What are the Four Main Categories of Stainless Steel?
There are many different alloys of stainless steel running into the thousands of different variables. According to the World Steel Association, there are over 3,500 different grades of steel, encompassing unique physical, chemical, and environmental properties, however, they can all be divided into four main categories, Austenitic Stainless Steels, Ferritic Stainless Steels, Martensitic Stainless Steels, and Duplex.
Austenitic Stainless Steels are the steels most often used in day-to-day products and these steels tend to be non-magnetic, although after cold working they may become magnetic. Austenitic stainless steels usually have a higher chromium content when compared to other steel alloys which gives them a higher corrosion resistance.
Ferritic stainless steels are the second most commonly used forms of stainless steel and, as the name suggests, ferritic stainless steel is magnetic. These alloys can be toughened through cold working and because they have a lower nickel content, they are often cheaper.
Martensitic stainless steel is the least common category of stainless steel alloys, and they are also the least resistant to corrosion out of al the four main stainless steel categories, but this is compensated by being the hardest out of the main categories. Martensitic stainless steel alloys are ideal for applications needing very high tensile strength and impact resistance. These steels are sometimes used with a protective polymer coating to add extra corrosion resistance when a hardened steel is required, combined with higher levels of corrosion protection.
Duplex stainless steels are basically combinations of ferritic and austenitic stainless steels.

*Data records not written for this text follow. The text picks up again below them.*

Lemma member_cover_omega : omega_cover X member_cover.
Proof.
split=> [|S]; last exact: member_cover_finite_subset.
split; first by move=> U [n [-> _]] x [].
split; last by move=> U [n [_ nXU]].
apply/seteqP; split; first by move=> x [U [n [-> _]]] [].
move=> x Xx; have x1X : [set x] `<=` X by move=> _ ->.
by have [U [FU /(_ x erefl) Ux]] := member_cover_finite_subset (finite_set1 x) x1X; exists U.
Qed.

Lemma member_cover_tau : X !=set0 ->
  (forall x y, X x -> X y -> subset_star_total (g x) (g y)) ->
  tau_cover X member_cover.
Proof.
move=> X0 gtotal; split; first exact: omega_cover_large X0 member_cover_omega.
have few_separating x y : X y -> subset_star (g x) (g y) ->
    finite_set [set U | member_cover U /\ U x /\ ~ U y].
  move=> Xy gxy; apply: sub_finite_set (finite_image member_set gxy).
  by move=> _ [[n [-> _]] [[_ gxn] nUy]]; exists n => //; split => // gyn; apply: nUy.
by move=> x y Xx Xy; case: (gtotal x y Xx Xy) => h; [left|right]; apply: few_separating.
Qed.

Let large_subcover_indices (F G : set (set T)) : G `<=` F -> F `<=` member_cover ->
  large_cover X G -> forall x, X x -> infinite_set (g x `&` [set n | F (member_set n)]).
Proof.
move=> GF Fmem [_ Glarge] x Xx fin; apply: (Glarge x Xx).
apply: sub_finite_set (finite_image member_set fin).
move=> U [/[dup] GU /GF /[dup] FU /Fmem [n [UE _]] Ux]; exists n => //.
by rewrite UE in FU Ux; case: Ux.
Qed.

Lemma member_cover_not_split (F1 F2 G1 G2 : set (set T)) :
  F1 `|` F2 = member_cover -> F1 `&` F2 = set0 ->
  G1 `<=` F1 -> large_cover X G1 -> G2 `<=` F2 -> large_cover X G2 -> False.
Proof.
move=> F12 F1F2 G1F1 G1large G2F2 G2large.
have F1mem : F1 `<=` member_cover by rewrite -F12 => U; left.
have F2mem : F2 `<=` member_cover by rewrite -F12 => U; right.
have [x Xx] := ultrafilter_base_unsplit gbase [set n | F1 (member_set n)]; apply.
split; first exact: large_subcover_indices G1F1 F1mem G1large x Xx.
apply: sub_infinite_set (large_subcover_indices G2F2 F2mem G2large Xx).
move=> n [gxn F2n]; split => // F1n.
by have : (F1 `&` F2) (member_set n) by []; rewrite F1F2.
Qed.

End MemberCover.

Definition char_code (T : Type) (e : nat -> set T) (x : T) : cantor_space :=
  fun n => `[< e n x >].

Lemma set_of_char_code (T : Type) (e : nat -> set T) x :
  set_of_char (char_code e x) = [set n | e n x].
Proof. by apply/funext => n; rewrite /set_of_char /char_code /= asboolE. Qed.

Definition cylinder (s : cantor_space) (N : nat) : set cantor_space :=
  [set t | forall i, (i < N)%N -> t i = s i].

Lemma open_cylinder_subset (O : set cantor_space) s : open O -> O s ->
  exists N, cylinder s N `<=` O.
Proof.
move=> oO Os; pose F := filter_from [set: nat] (cylinder s).
have Ffilter : Filter F.
  apply: filter_from_filter; first by exists 0%N.
  move=> i j _ _; exists (maxn i j) => // t st.
  by split => k kij; apply: st; rewrite leq_max kij ?orbT.
have Fs : F --> (s : cantor_space).
  apply/cvg_sup => i U [V] [[W] oW <-] WsI WU.
  by exists i.+1 => // t st; apply: WU; rewrite /= st.
have [N _ sub] : F O by apply: Fs; exact: open_nbhs_nbhs.
by exists N.
Qed.

Lemma open_bigcup_cylinder (O : set cantor_space) : open O ->
  exists W : nat -> set cantor_space,
    O = \bigcup_k W k /\ forall k, W k = set0 \/ exists s N, W k = cylinder s N.
Proof.
(* k codes a bit string p; keep its cylinder when it lies inside O *)
move=> oO; pose W k : set cantor_space :=
  if unpickle k is Some p then
    let c := cylinder (nth false p) (size p) in if `[< c `<=` O >] then c else set0
  else set0.
exists W; split; last first.
  move=> k; rewrite /W; case: (unpickle k) => [p|]; last by left.
  by case: asboolP => _; [right; exists (nth false p), (size p)|left].
apply/seteqP; split => [s Os|s [k _]]; last first.
  by rewrite /W; case: (unpickle k) => // p; case: asboolP => // sub /sub.
have [N sN] := open_cylinder_subset oO Os.
have cE : cylinder (nth false (mkseq s N)) (size (mkseq s N)) = cylinder s N.
  by apply/seteqP; rewrite size_mkseq; split => t st i iN; rewrite st // nth_mkseq.
exists (pickle (mkseq s N)) => //; rewrite /W pickleK /= cE.
by case: asboolP.
Qed.

Lemma sigma_algebraT_bigcap (U : Type) (G : set (set U)) (A : nat -> set U) :
  sigma_algebra setT G -> (forall k, G (A k)) -> G (\bigcap_k A k).
Proof.
move=> [_ GC GU] GA; rewrite -[Y in G Y]setCK setC_bigcap -setTD.
by apply: (GC); apply: GU => k; rewrite -setTD; exact: GC.
Qed.

Section Coding.
Variables (T : topologicalType) (X : set T).

Lemma char_code_continuous (e : nat -> set T) : (forall n, clopen_in X (e n)) ->
  {within X, continuous (char_code e)}.
Proof.
move=> eclopen; apply/subspace_continuousP => x Xx.
apply/cvg_sup => i U [V] [[W] oW <-] WsI WU.
have near_eq : within X (nbhs x) [set y | char_code e y i = char_code e x i].
  have [_ [[O [oO eO]] [C [cC eC]]]] := eclopen i.
  case: (pselect (e i x)) => exi.
    have Ox : O x by move: exi; rewrite eO => -[].
    apply: filterS (open_nbhs_nbhs (conj oO Ox)) => y Oy Xy.
    by rewrite /char_code /= !asboolT // eO.
  have nCx : (~` C) x by move=> Cx; apply: exi; rewrite eC.
  apply: filterS (open_nbhs_nbhs (conj (closed_openC cC) nCx)) => y nCy Xy.
  by rewrite /char_code /= !asboolF // eC => -[].
rewrite nbhs_simpl; apply: filterS near_eq => y /= h; apply: WU.
by change (W (char_code e y i)); rewrite h.
Qed.

Lemma continuous_coord_clopen (f : T -> cantor_space) n :
  {within X, continuous f} -> clopen_in X [set x | X x /\ f x n].
Proof.
move=> fcont; pose h := (fun s : cantor_space => s n) \o (f : subspace X -> cantor_space).
have hcont : continuous h.
  move=> x; apply: continuous_comp; first exact: fcont.
  exact: (@proj_continuous nat (fun _ => bool) n).
have hopen (b : bool) : open (h @^-1` [set b]).
  by move/continuousP: hcont; apply; exact: discrete_open.
split; first by move=> x [].
split.
  have /open_subspaceP [V oV VE] := hopen true.
  exists V; split => //; rewrite VE; apply/seteqP.
  by split => x /= [? ?]; split.
have /closed_subspaceP [C cC CE] : closed (~` (h @^-1` [set false]) : set (subspace X)).
  exact: open_closedC.
exists C; split => //; rewrite CE; apply/seteqP; split => x /= [].
  by move=> Xx fxn; split => //; rewrite /h /= fxn.
by move=> fxn Xx; split => //; move: fxn; rewrite /h /=; case: (f x n).
Qed.

Lemma borel_inE : borel_in X = strace (@borel T) X.
Proof.
apply/funext => A; apply/propext; split => [[_ [B [bB ->]]]|[B bB <-]].
  by exists B.
by split; [move=> x []|exists B].
Qed.

Lemma char_code_borel (e : nat -> set T) : (forall n, borel_in X (e n)) ->
  borel_fun_on X (char_code e).
Proof.
(* the sets with a Borel trace preimage form a sigma-algebra containing the
   coordinate sets, hence the cylinders, hence the open sets *)
rewrite borel_inE => eborel.
pose S := image_set_system X (char_code e) (strace (@borel T) X).
have traceS : sigma_algebra X (strace (@borel T) X).
  exact/sigma_algebra_strace/smallest_sigma_algebra.
have Ssigma : sigma_algebra setT S by exact: sigma_algebra_image.
have [S0 SC SU] := Ssigma.
suff borelS : @borel cantor_space `<=` S by move=> B /borelS; rewrite borel_inE.
apply: smallest_sub => // O /open_bigcup_cylinder [W [-> Wcyl]].
apply: SU => k; case: (Wcyl k) => [->|[s [N ->]]]; first exact: S0.
have coordS i b : S [set t : cantor_space | t i = b].
  rewrite /S /image_set_system /=.
  have -> : X `&` char_code e @^-1` [set t | t i = b] = if b then e i else X `\` e i.
    have eX : e i `<=` X by have [B _ <-] := eborel i => x [].
    apply/seteqP; split => x; rewrite /char_code /=.
      by case: b => -[Xx]; case: asboolP => // exi _; split.
    case: b => [exi|[Xx nexi]]; first by split; [exact: eX|exact: asboolT].
    by split => //; exact: asboolF.
  by case: b; [exact: eborel|by case: traceS => _ + _; apply].
have -> : cylinder s N = \bigcap_i (if (i < N)%N then [set t | t i = s i] else setT).
  apply/seteqP; split => t.
    by move=> st i _; case: ifPn => // iN; exact: st.
  by move=> st i iN; have := st i I; rewrite iN.
apply: sigma_algebraT_bigcap => // i; case: ifP => _; first exact: coordS.
by rewrite -(setD0 [set: cantor_space]); exact: SC.
Qed.

Lemma borel_fun_coord_borel (f : T -> cantor_space) n : borel_fun_on X f ->
  borel_in X [set x | X x /\ f x n].
Proof.
move=> fborel.
have coord_open : open [set s : cantor_space | s n].
  have coord_cont : continuous (fun s : cantor_space => s n).
    by move=> s; exact: (@proj_continuous nat (fun _ => bool) n).
  by move/continuousP: coord_cont => /(_ [set true]); apply; exact: discrete_open.
exact: fborel _ (sub_gen_smallest coord_open).
Qed.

Stronger than both ferritic and austenitic stainless steels, they have a lower nickel content than austenitic steels and therefore, they are also less expensive than austenitic steels.
Duplex stainless steel is used a great deal in the underwater oil industry mainly due to its corrosion resistance capabilities, which enables it to withstand the corrosive properties of sea water over long periods of time. Duplex stainless steels are fairly malleable and can be more easily shaped to create a variety of different components. Two of the more common types of duplex stainless steel include S31803 and S32205 stainless steel.